I think that it's important to ascertain how many particles are required to cause infection as well as how long before the onset of symptoms,or, after "infection", is one shedding sufficient quantities of virus to be infectious.

It seems to me that Cowlings study can only be conducted under VERY controlled circumstances, and then what would be a satisfactory sample size ? does 36 do it? That result would then be reliable for that given strain, and you would then model the other potential variables.
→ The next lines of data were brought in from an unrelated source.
(* The least positive common multiple if there is one, and [0] otherwise. *)
Lemma lcm_of_exists (P : nat -> Prop) : exists D, lcm_of P D.
Proof.
pose common m := forall n, P n -> (n %| m)%N.
have [exM|noM] := classic (exists m, (0 < m)%N /\ common m); last first.
  exists 0%N => m; rewrite dvd0n; split => [/eqP -> n _|common_m]; first exact: dvdn0.
  apply/eqP; apply: NNPP => m_neq0; apply: noM; exists m; split => //.
  by rewrite lt0n; apply/eqP.
have [D [D_gt0 common_D] D_min] := ex_minn_prop exM.
exists D => m; split => [D_m n /common_D n_D|common_m]; first exact: dvdn_trans D_m.
have [->|m_gt0] := posnP m; first exact: dvdn0.
have g_gt0 : (0 < gcdn D m)%N by rewrite gcdn_gt0 D_gt0.
have common_g : common (gcdn D m) by move=> n Pn; rewrite dvdn_gcd common_D ?common_m.
have D_le_g := D_min _ (conj g_gt0 common_g).
have g_le_D : (gcdn D m <= D)%N by rewrite dvdn_leq ?dvdn_gcdl.
have <- : gcdn D m = D by apply/eqP; rewrite eqn_leq g_le_D D_le_g.
exact: dvdn_gcdr.
Qed.

Lemma den2_dvd_denq_cfg (q : nat) (z : 'I_q -> pt) (i : 'I_q) :
  (den2 (z i) %| denq_cfg z)%N.
Proof. exact: (biglcmn_sup i). Qed.

Section BoardAndMove.
Variables (c d : int) (cs : seq pt).
Hypothesis board : is_board cs.

Lemma const_corner_vertex (q : nat) (p : pt) :
  p \in cs -> is_vertex c d cs (fun _ : 'I_q => p).
Proof.
move=> cs_p; have [a [b [a' [b' [ab a'b' not_par p_ab p_a'b']]]]] := corner_two_edges board cs_p.
split=> [_|]; first exact: in_hull_mem.
exists (fun k => if k is CF _ x y then (x, y) = (a, b) \/ (x, y) = (a', b') else False).
split; first by case => // i x y /= [[-> ->]|[-> ->]].
move=> w; split => [w_sat i|w_eq]; last by case => // i x y /= [[-> ->]|[-> ->]]; rewrite w_eq.
apply: (meet_lines_uniq not_par _ _ p_ab p_a'b').
  exact: (w_sat (CF i a b) (or_introl erefl)).
exact: (w_sat (CF i a' b') (or_intror erefl)).
Qed.

Lemma par_edge_of_edge_line (z0 a b : pt) : z0 \in cs -> edge cs a b ->
  cross (subp b a) (subp z0 a) = 0 -> cross (subp b a) (mv c d) = 0 ->
  exists z', par_edge c d cs z0 z'.
Proof.
move=> cs_z0 [cs_a cs_b a_neq_b side] z0_on ab_par.
set u := subp b a in z0_on ab_par side; set x := subp z0 a in z0_on.
have u_neq0 : u != (0, 0) by rewrite subp_neq0 // eq_sym.
have uu_gt0 := dotpp_gt0 u_neq0.
have x_par : cross x u = 0 by rewrite crossC z0_on oppr0.
have x_mv : cross x (mv c d) = 0 := cross_eq0_trans u_neq0 z0_on ab_par.
have scale y : dotp u u * cross x (subp y a) = dotp x u * cross u (subp y a).
  exact: parallel_cross.
have xu_sym : dotp x u = dotp u x by rewrite /dotp mulrC [u.2 * _]mulrC.
have [ahead|behind] := ltP 0 (dotp u u - dotp u x).
  exists b; split; last first.
    have -> : subp b z0 = subp u x by apply: pt_ext; rewrite /u /x /subp /=; ring.
    by rewrite cross_subpl ab_par x_mv subr0.
  left; split => //.
    by apply: contraTneq ahead => z0_b; rewrite /x z0_b -/u subrr ltxx.
  move=> y cs_y.
  have -> : cross (subp b z0) (subp y z0) = cross u (subp y a) - cross x (subp y a).
    by move: z0_on; rewrite /u /x /cross /subp /=; lra.
  rewrite -(pmulr_rge0 _ uu_gt0) mulrBr scale -mulrBl xu_sym.
  by rewrite mulr_ge0 ?side // ltW.
exists a; split; last first.
  have -> : subp a z0 = subp (0, 0) x by apply: pt_ext; rewrite /x /subp /=; ring.
  by rewrite cross_subpl x_mv subr0 /cross /=; ring.
right; split => //.
  apply: contraTneq behind => a_z0; rewrite -ltNge /x -a_z0.
  have -> : dotp u (subp a a) = 0 by rewrite /dotp /subp /=; ring.
  by rewrite subr0.
move=> y cs_y; rewrite -(pmulr_rge0 _ uu_gt0) scale xu_sym.
by rewrite mulr_ge0 ?side //; lra.
Qed.

Lemma antipode_edge_not_parallel (z0 p a b : pt) : coprimez c d -> z0 \in cs ->
  ~ (exists z', par_edge c d cs z0 z') -> edge cs a b ->
  cross (subp b a) (subp p a) = 0 -> cross (subp p z0) (mv c d) = 0 ->
  cross (subp b a) (mv c d) != 0.
Proof.
move=> co cs_z0 no_par ab p_ab p_z0; apply/eqP => ab_par; apply: no_par.
apply: (par_edge_of_edge_line cs_z0 ab _ ab_par).
have ba_pz0 : cross (subp b a) (subp p z0) = 0.
  by apply: (cross_eq0_trans (mv_neq0 co)); rewrite crossC ?ab_par ?p_z0 oppr0.
by move/eqP: ba_pz0; rewrite (cross_subp_rebase _ _ _ a) p_ab sub0r oppr_eq0 => /eqP.
Qed.


Lemma corner_antipode_vertex (q : nat) (z0 p a b : pt) : z0 \in cs -> in_hull cs p ->
  edge cs a b -> cross (subp b a) (subp p a) = 0 -> cross (subp b a) (mv c d) != 0 ->
  cross (subp p z0) (mv c d) = 0 ->
  is_vertex c d cs (fun i : 'I_q => if val i == 0%N then z0 else p).
Proof.
move=> cs_z0 hull_p ab p_ab ab_transv p_z0.
have [a1 [b1 [a2 [b2 [e1 e2 not_par z0_e1 z0_e2]]]]] := corner_two_edges board cs_z0.
split=> [i|]; first by case: ifP => _ //; apply: in_hull_mem.
pose S (k : constr q) := match k with
  | CH i j => val i = 0%N /\ val j <> 0%N
  | CF i x y => (val i = 0%N /\ ((x, y) = (a1, b1) \/ (x, y) = (a2, b2))) \/
                (val i <> 0%N /\ (x, y) = (a, b)) end.
exists S; split.
  case => [i j|i x y] /=; first by move=> [-> /eqP]; rewrite lt0n.
  by move=> [[_ [[-> ->]|[-> ->]]]|[_ [-> ->]]].
move=> w; split => [w_sat|w_eq]; last first.
  case => [i j [i0 j0]|i x y [[i0 [[-> ->]|[-> ->]]]|[i0 [-> ->]]]] /=; rewrite !w_eq ?i0 //=.
  - by rewrite ifN_eq ?dotp_normal_mv //; apply/eqP.
  - by rewrite ifN_eq //; apply/eqP.
have w_z0 i : val i = 0%N -> w i = z0.
  move=> i0; apply: (meet_lines_uniq not_par _ _ z0_e1 z0_e2).
    exact: (w_sat (CF i a1 b1) (or_introl (conj i0 (or_introl erefl)))).
  exact: (w_sat (CF i a2 b2) (or_introl (conj i0 (or_intror erefl)))).
move=> i; case: eqP => [/w_z0 //|i_neq0].
have q_gt0 : (0 < q)%N := leq_ltn_trans (leq0n i) (ltn_ord i).
have /= := w_sat (CH (Ordinal q_gt0) i) (conj erefl i_neq0).
rewrite (w_z0 (Ordinal q_gt0)) // dotp_normal_mv => wi_z0.
apply: (meet_lines_uniq (u' := mv c d) (a := a) (a' := z0) ab_transv) => //.
- exact: (w_sat (CF i a b) (or_intror (conj i_neq0 erefl))).
- by rewrite crossC wi_z0 oppr0.
- by rewrite crossC p_z0 oppr0.
Qed.

Lemma par_edge_line_corner (z0 z' x a b : pt) : coprimez c d ->
  par_edge c d cs z0 z' -> edge cs a b -> cross (subp b a) (mv c d) != 0 ->
  in_hull cs x -> cross (subp b a) (subp x a) = 0 -> cross (subp x z0) (mv c d) = 0 ->
  x \in cs.
Proof.
move=> co [z0z' z0z'_par] ab ab_transv hull_x x_ab x_z0.
have mv_z0z' : cross (mv c d) (subp z' z0) = 0 by rewrite crossC z0z'_par oppr0.
have x_on : cross (subp z' z0) (subp x z0) = 0.
  by apply: (cross_eq0_trans (mv_neq0 co)) => //; rewrite crossC x_z0 oppr0.
have transv : cross (subp b a) (subp z' z0) != 0.
  have z'_neq_z0 : z' != z0 by case: z0z' => -[_ _]; rewrite // eq_sym.
  apply: contra ab_transv => /eqP ab_par; apply/eqP.
  by apply: (cross_eq0_trans (subp_neq0 z'_neq_z0)) => //; rewrite crossC ab_par oppr0.
case: z0z' => e; first exact: (corner_of_edge_lines ab e transv hull_x x_ab x_on).
apply: (corner_of_edge_lines ab e _ hull_x x_ab).
  by move: transv; rewrite /cross /subp /=; apply: contra => /eqP e0; apply/eqP; lra.
by move: x_on; rewrite /cross /subp /=; lra.
Qed.

Lemma vertex_through_corner_or_antipode (q : nat) (p : pt) :
  coprimez c d -> (0 < q)%N ->
  p \in cs \/ ((1 < q)%N /\ exists z0, z0 \in cs /\ antipode c d cs z0 p) ->
  exists (z : 'I_q -> pt) (i : 'I_q), is_vertex c d cs z /\ z i = p.
Proof.
move=> co q_gt0 p_corner_or_antipode.
have corner_case : p \in cs -> exists (z : 'I_q -> pt) i, is_vertex c d cs z /\ z i = p.
  by move=> cs_p; exists (fun _ => p), (Ordinal q_gt0); split => //; apply: const_corner_vertex.
case: p_corner_or_antipode => [|[q_gt1 [z0 [cs_z0 [[[[_ cs_p _ _]|[cs_p _ _ _]] _]|]]]]];
  try exact: corner_case.
move=> [no_par [[hull_p [a [b [ab p_ab]]]] [_ p_z0]]].
have ab_transv := antipode_edge_not_parallel co cs_z0 no_par ab p_ab p_z0.
exists (fun i : 'I_q => if val i == 0%N then z0 else p), (Ordinal q_gt1).
by split; first exact: corner_antipode_vertex p_ab ab_transv p_z0.
Qed.

End BoardAndMove.

Definition scalep (r : rat) (u : pt) : pt := (r * u.1, r * u.2).

Lemma cross_scalepl (r : rat) (u v : pt) : cross (scalep r u) v = r * cross u v.
Proof. by rewrite /cross /scalep /=; ring. Qed.

Lemma cross_scalepr (r : rat) (u v : pt) : cross u (scalep r v) = r * cross u v.
Proof. by rewrite /cross /scalep /=; ring. Qed.

Lemma cross0v (v : pt) : cross (0, 0) v = 0.
Proof. by rewrite /cross /=; ring. Qed.

Lemma crossv0 (u : pt) : cross u (0, 0) = 0.
Proof. by rewrite /cross /=; ring. Qed.

Lemma cholds_translate (c d : int) (q : nat) (S : constr q -> Prop) (z t : 'I_q -> pt) :
  (forall k, S k -> cholds c d k z) ->
  (forall i j, S (CH i j) -> cross (subp (t j) (t i)) (mv c d) = 0) ->
  (forall i a b, S (CF i a b) -> cross (subp b a) (t i) = 0) ->
  forall k, S k -> cholds c d k (fun i => z i + t i).
Proof.
move=> z_sat t_CH t_CF [i j|i a b] Sk; have /= := z_sat _ Sk.
  rewrite !dotp_normal_mv => z_ij.
  have -> : cross (subp (z j + t j) (z i + t i)) (mv c d) =
            cross (subp (z j) (z i)) (mv c d) + cross (subp (t j) (t i)) (mv c d).
    by rewrite /cross /subp /=; ring.
  by rewrite z_ij t_CH // addr0.
move=> z_ab; have -> : cross (subp b a) (subp (z i + t i) a) =
                       cross (subp b a) (subp (z i) a) + cross (subp b a) (t i).
  by rewrite /cross /subp /=; ring.
by rewrite z_ab t_CF // addr0.
Qed.
Lemma height_one_locdvd q : prime_elt q -> ~ rdvd q 'X -> height_one (locdvd q 1).
Proof.
move=> pr_q ndvd_qX; split; first exact: prime_ideal_locdvd.
split; first by exists (ev1u q); split; [apply/ev1_neq0/prime_neq0|apply: locdvd_self].
move=> Q prQ subQ; have [|nQ0] := classic (forall x, Q x -> x = 0); [by left|right].
have [x /(imply_to_and (Q x)) [Qx /eqP nz_x]] := not_all_ex_not _ _ nQ0.
have nQu : ~ Q u by move/subQ; apply: locdvd_nu.
have [q1 [pr_q1 _ sub1]] := locdvd_sub_prime_ideal prQ nQu (ex_intro _ x (conj nz_x Qx)).
have eq1 := locdvd_sub_eq pr_q1 pr_q ndvd_qX (fun a l1a => subQ a (sub1 a l1a)).
by move=> a; split=> [/subQ //|]; rewrite -eq1; apply: sub1.
Qed.

Lemma height_one_locdvdP (Q : A -> Prop) : height_one Q -> ~ Q u ->
  exists q, [/\ prime_elt q, ~ rdvd q 'X & Q = locdvd q 1].
Proof.
move=> [prQ [nz_Q minQ]] nQu; have [q [pr_q ndvd_qX subQ]] := locdvd_sub_prime_ideal prQ nQu nz_Q.
exists q; split=> //; case: (minQ _ (prime_ideal_locdvd pr_q ndvd_qX) subQ) => [q0|eqQ].
  by case/eqP: (ev1_neq0 (prime_neq0 pr_q)); apply: q0; apply: locdvd_self.
by apply: prop_pred_ext => a; rewrite eqQ.
Qed.

(* Write [a = ev1u g + v y]; multiplying by powers of [u] and using [uv = f]
   shows that [c] divides [g]. *)
Lemma locdvd_polyC_sub c (Q : A -> Prop) : prime_ideal Q -> Q v -> Q (iota c) ->
  prime_elt c -> rdvd c f -> forall a, locdvd c%:P 1 a -> Q a.
Proof.
move=> [[_ [addQ mulQ]] _] Qv Qc pr_c [d def_f] a [k [p [def_p dvd_p]]].
have [g [y def_a]] := ev1_v_cover a; have [m [w def_w]] := ev1_cover y.
have : ev1u ('X^(m.+1) * p) = ev1u ('X^((k + m).+1) * g + 'X^k * f%:P * w).
  by rewrite rmorphD !rmorphM !ev1Xn ev1C -def_p -def_w -uv_eq def_a !exprS exprD; ring.
move/ev1_inj => def_Xg.
have [g' def_g] : rdvd c%:P g.
  apply: (prime_exp_dvd_cancel (m := 1) (prime_polyC pr_c) (c := 'X^((k + m).+1))).
    by move/(prime_dvdX (prime_polyC pr_c)); apply: prime_polyC_ndvdX.
  rewrite expr1 (_ : _ * g = 'X^(m.+1) * p - 'X^k * f%:P * w); last by rewrite def_Xg addrK.
  apply: rdvd_sub; first by apply: rdvd_mull; rewrite expr1 in dvd_p.
  by exists ('X^k * d%:P * w); rewrite def_f polyCM; ring.
rewrite def_a; apply: addQ; last by rewrite mulrC; apply: mulQ.
by rewrite def_g rmorphM ev1C; apply: mulQ.
Qed.

End Chart.

(** * The divisor class group *)

Lemma In_of_mem (T : eqType) (x : T) (s : seq T) : x \in s -> List.In x s.
Proof. by elim: s => [//|y s IHs]; rewrite inE => /orP [/eqP ->|/IHs]; [left|right]. Qed.

Lemma HOP_inj (A : comNzRingType) (P1 P2 : HOP A) : sval P1 = sval P2 -> P1 = P2.
Proof.
by case: P1 P2 => [P1 hP1] [P2 hP2] /= eqP12; subst P2; rewrite (proof_irrelevance _ hP1 hP2).
Qed.

Section ClassGroup.
Variables (B : idomainType) (A : comNzRingType) (iota : {rmorphism B -> A}).
Variables (u v : A) (f : B) (s : nat) (p : 'I_s -> B) (a : 'I_s -> nat).
Hypothesis factB : factorial_ring B.
Hypothesis nz_f : f != 0.
Hypothesis presA : uvf_presentation iota u v f.
Hypothesis pr_p : forall i, prime_elt (p i).
Hypothesis p_nassoc : forall i j, i != j -> ~ associated (p i) (p j).
Hypothesis a_gt0 : forall i, (0 < a i)%N.
Hypothesis def_f : f = \prod_(i < s) p i ^+ a i.

Let presAv := uvf_presentation_sym presA.

Local Notation ev1u := (ev1 iota u).
Local Notation ev1v := (ev1 iota v).

Lemma prime_pC i : prime_elt ((p i)%:P : {poly B}).
Proof. exact: prime_polyC. Qed.

Lemma pC_ndvdX i : ~ rdvd ((p i)%:P) ('X : {poly B}).
Proof. exact: prime_polyC_ndvdX. Qed.

(* The component [D_i] of [{u = p_i = 0}]; it does not contain [v]. *)
Definition exc_ideal i := locdvd iota v ((p i)%:P) 1.

Definition exc_div i : HOP A :=
  exist _ (exc_ideal i) (height_one_locdvd presAv nz_f factB (prime_pC i) (@pC_ndvdX i)).

Lemma p_dvd_f i : rdvd (p i) f.
Proof.
rewrite def_f (bigD1 i) //=; apply: rdvd_mulr.
by rewrite -(prednK (a_gt0 i)) exprS; apply: rdvd_mulIl.
Qed.

Lemma pC_dvd_inj i j : rdvd ((p i)%:P) ((p j)%:P : {poly B}) -> i = j.
Proof.
move/rdvd_polyCP/(_ 0%N); rewrite coefC eqxx => dvd_ij.
apply/eqP; apply: contraT => ne_ij; case: (p_nassoc ne_ij); split=> //.
have [e Ue def_pj] := prime_dvd_prime (pr_p i) (pr_p j) dvd_ij.
by exists e^-1; rewrite def_pj mulKr.
Qed.

Lemma exc_ideal_u i : exc_ideal i u.
Proof.
exists 1%N, f%:P; split; first by rewrite expr1 (uv_eq presAv) ev1C.
by have [c def_c] := p_dvd_f i; exists c%:P; rewrite expr1 def_c polyCM.
Qed.

Lemma exc_ideal_p i : exc_ideal i (iota (p i)).
Proof. by rewrite -(ev1C iota v); apply: locdvd_self. Qed.

Lemma exc_ideal_inj i j : exc_ideal i = exc_ideal j -> i = j.
Proof.
move=> eq_ij; have := exc_ideal_p j; rewrite -eq_ij.
move=> /(locdvd_rep presAv (prime_pC i) (@pC_ndvdX i)).
by rewrite expr1 -(ev1C iota v) => /(_ 0%N _ (mul1r _)); apply: pC_dvd_inj.
Qed.

Definition avoids_u (P : HOP A) := ~ sval P u.

Lemma avoids_uP (P : HOP A) : avoids_u P ->
  exists q, [/\ prime_elt q, ~ rdvd q 'X & sval P = locdvd iota u q 1].
Proof. by move=> nPu; apply: height_one_locdvdP presA nz_f factB _ (proj2_sig P) nPu. Qed.

(* Otherwise [Q] would contain some [p_i], as [uv = f], hence the prime
   [locdvd p_i 1], which does not contain [u]. *)
Lemma height_one_u_nv (Q : A -> Prop) : height_one Q -> Q u -> ~ Q v.
Proof.
move=> [prQ [_ minQ]] Qu Qv.
have : Q (iota f) by rewrite -(uv_eq presA) mulrC; apply: ideal_mull (proj1 prQ) _.
rewrite def_f rmorph_prod => /(prime_ideal_prod prQ) [i _].
rewrite rmorphXn => /(prime_idealX prQ) Qpi.
have subQ := locdvd_polyC_sub presA prQ Qv Qpi (pr_p i) (p_dvd_f i).
case: (minQ _ (prime_ideal_locdvd presA (prime_pC i) (@pC_ndvdX i)) subQ) => [loc0|eqQ].
  by case/eqP: (ev1_neq0 presA (prime_neq0 (prime_pC i))); apply/loc0/locdvd_self.
by apply: (locdvd_nu presA (prime_pC i) (@pC_ndvdX i)); apply/eqQ.
Qed.

Lemma HOP_cases (P : HOP A) : avoids_u P \/ exists i, P = exc_div i.
Proof.
case: (classic (sval P u)) => [Pu|]; [right|by left].
case: P Pu => Q htQ /= Qu; have nQv := height_one_u_nv htQ Qu.
have [q [pr_q ndvd_qX defQ]] := height_one_locdvdP presAv nz_f factB htQ nQv.
have : rdvd (q ^+ 1) f%:P.
  apply: (locdvd_rep presAv pr_q ndvd_qX (a := u) (k := 1%N)); first by rewrite -defQ.
  by rewrite expr1 (uv_eq presAv) ev1C.
rewrite expr1 (_ : f%:P = \prod_(i < s) (p i)%:P ^+ a i); last first.
  by rewrite def_f rmorph_prod; apply: eq_bigr => i _; rewrite rmorphXn.
move=> /(prime_dvd_prod pr_q) [i /(prime_dvdX pr_q) dvd_q_pi].
exists i; apply: HOP_inj => /=; rewrite defQ /exc_ideal.
have [e Ue def_pi] := prime_dvd_prime pr_q (prime_pC i) dvd_q_pi.
by rewrite (locdvd_assoc _ _ Ue def_pi).
Qed.

(* The order of [x] along [P]; [hord P 0] is unspecified. *)
Definition hord (P : HOP A) (x : A) : nat :=
  epsilon (inhabits 0%N) (fun n => ord_at (sval P) x n).

Lemma ord_at_exists (P : HOP A) x : x != 0 -> exists n, ord_at (sval P) x n.
Proof.
move=> nz_x; case: (HOP_cases P) => [/avoids_uP [q [pr_q ndvd_qX ->]]|[i ->]].
  exact: ord_at_locdvd_exists presA nz_f factB _ pr_q ndvd_qX _ nz_x.
exact: ord_at_locdvd_exists presAv nz_f factB _ (prime_pC i) (@pC_ndvdX i) _ nz_x.
Qed.

Lemma hord_eq (P : HOP A) x n : ord_at (sval P) x n -> hord P x = n.
Proof.
move=> ord_n; have := epsilon_spec (inhabits 0%N) _ (ex_intro _ n ord_n).
by move/ord_at_unique; apply.
Qed.

Lemma hordP (P : HOP A) x : x != 0 -> ord_at (sval P) x (hord P x).
Proof. by move=> /(ord_at_exists P) [n ord_n]; rewrite (hord_eq ord_n). Qed.

Lemma hordM (P : HOP A) x y : x != 0 -> y != 0 -> hord P (x * y) = (hord P x + hord P y)%N.
Proof.
move=> nz_x nz_y; apply: hord_eq; have := hordP P nz_x; have := hordP P nz_y.
case: (HOP_cases P) => [/avoids_uP [q [pr_q ndvd_qX ->]]|[i ->]] ord_y ord_x.
  exact: ord_at_locdvdM presA _ pr_q ndvd_qX _ _ _ _ ord_x ord_y.
exact: ord_at_locdvdM presAv _ (prime_pC i) (@pC_ndvdX i) _ _ _ _ ord_x ord_y.
Qed.

Lemma hord_unit (P : HOP A) x y : y * x = 1 -> hord P x = 0%N.
Proof.
move=> yx1; have prP := proj1 (proj2_sig P).
by apply/hord_eq/ord_at0 => //; apply: prime_ideal_nunit prP yx1.
Qed.

Lemma hordX (P : HOP A) x n : x != 0 -> hord P (x ^+ n) = (n * hord P x)%N.
Proof.
move=> nz_x; elim: n => [|n IHn]; first by rewrite expr0 mul0n (@hord_unit _ 1 1) ?mulr1.
by rewrite exprS hordM ?(expA_neq0 presA nz_f) // IHn mulSn.
Qed.

Lemma hord_avoids_u (P : HOP A) : avoids_u P -> hord P u = 0%N.
Proof. by move=> nPu; apply/hord_eq/ord_at0 => //; case: (proj2_sig P). Qed.

Lemma exact_dvd_pC_f i : exact_dvd ((p i)%:P) (a i) (f%:P : {poly B}).
Proof.
have -> : f%:P = \prod_(j < s) (p j)%:P ^+ a j.
  by rewrite def_f rmorph_prod; apply: eq_bigr => j _; rewrite rmorphXn.
have ex_j j : exact_dvd ((p i)%:P) (if j == i then a i else 0%N) ((p j)%:P ^+ a j).
  case: eqP => [->|ne_ji].
    rewrite -{1}[a i]mul1n.
    exact: exact_dvdX (prime_pC i) (exact_dvd_self (prime_pC i)).
  by apply: exact_dvd0 => /(prime_dvdX (prime_pC i)) /pC_dvd_inj eq_ij; apply: ne_ji.
by have := exact_dvd_prod (index_enum 'I_s) (prime_pC i) ex_j; rewrite -big_mkcond big_pred1_eq.
Qed.

Lemma hord_exc_u i : hord (exc_div i) u = a i.
Proof.
apply: hord_eq; have def_f1 : v ^+ 1 * u = ev1v f%:P by rewrite expr1 (uv_eq presAv) ev1C.
exact/(ord_at_locdvd presAv (prime_pC i) (@pC_ndvdX i) _ def_f1)/exact_dvd_pC_f.
Qed.

Lemma hord_ev1 (P : HOP A) q g n : sval P = locdvd iota u q 1 -> prime_elt q ->
  ~ rdvd q 'X -> g != 0 -> hord P (ev1u g) = n <-> exact_dvd q n g.
Proof.
move=> defP pr_q ndvd_qX nz_g; rewrite -(ord_at_locdvd_ev1 presA pr_q ndvd_qX) -defP.
split=> [<-|/hord_eq //]; exact/hordP/(ev1_neq0 presA).
Qed.
Arguments hord_ev1 [P q g n].

Lemma polyX_ndvd_prime (q : {poly B}) : prime_elt q -> ~ rdvd q 'X -> ~ rdvd 'X q.
Proof.
move=> pr_q ndvd_qX /(prime_dvd_prime (prime_polyX B) pr_q) [e Ue def_q].
by apply: ndvd_qX; exists e^-1; rewrite def_q mulKr.
Qed.

Definition hop_of q (pr_q : prime_elt q) (ndvd_qX : ~ rdvd q 'X) : HOP A :=
  exist _ (locdvd iota u q 1) (height_one_locdvd presA nz_f factB pr_q ndvd_qX).

Lemma hop_of_avoids_u q pr_q ndvd_qX : avoids_u (@hop_of q pr_q ndvd_qX).
Proof. exact: (locdvd_nu presA pr_q ndvd_qX). Qed.

Lemma hord_ev1_prime_other (P Q0 : HOP A) q0 : prime_elt q0 ->
  sval Q0 = locdvd iota u q0 1 -> avoids_u P -> P <> Q0 -> hord P (ev1u q0) = 0%N.
Proof.
move=> pr_q0 defQ0 nPu neq_PQ0; have [q [pr_q ndvd_qX defP]] := avoids_uP nPu.
apply/(hord_ev1 defP pr_q ndvd_qX (prime_neq0 pr_q0))/exact_dvd0 => dvd_qq0.
apply: neq_PQ0; apply: HOP_inj; rewrite defP defQ0.
by have [e Ue def_q0] := prime_dvd_prime pr_q pr_q0 dvd_qq0; rewrite (locdvd_assoc _ _ Ue def_q0).
Qed.

Definition represents (D : HOP A -> int) (g h : {poly B}) :=
  [/\ g != 0, h != 0, ~ rdvd 'X g, ~ rdvd 'X h &
    forall P, avoids_u P -> D P = (hord P (ev1u g))%:Z - (hord P (ev1u h))%:Z].

Definition exc_ord (g h : {poly B}) i : int :=
  (hord (exc_div i) (ev1u g))%:Z - (hord (exc_div i) (ev1u h))%:Z.

Lemma exc_ordM g1 h1 g2 h2 i : g1 != 0 -> h1 != 0 -> g2 != 0 -> h2 != 0 ->
  exc_ord (g1 * g2) (h1 * h2) i = exc_ord g1 h1 i + exc_ord g2 h2 i.
Proof. by move=> *; rewrite /exc_ord !rmorphM !hordM ?(ev1_neq0 presA) //; lia. Qed.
It seems any definitive discoveries then need to be compared with common sense man in the street observations,after the fact, in the wild, "like 10 days ago we had a an index case "in town", now everyone I ask knows someone who's sick, or whatever...with the same strain.

While on the topic of natural history of flu, there's another recent paper from Lancet Infectious Diseases that combines historical data to give an estimate of the incubation period for a host of respiratory viral infections, including influenza A and B. While there are some potential complications with combining data from a bunch of different studies that looked at different flu viruses, this paper does give some more precision to our understanding of the incubation period of influenza and of the utility of incubation periods in general.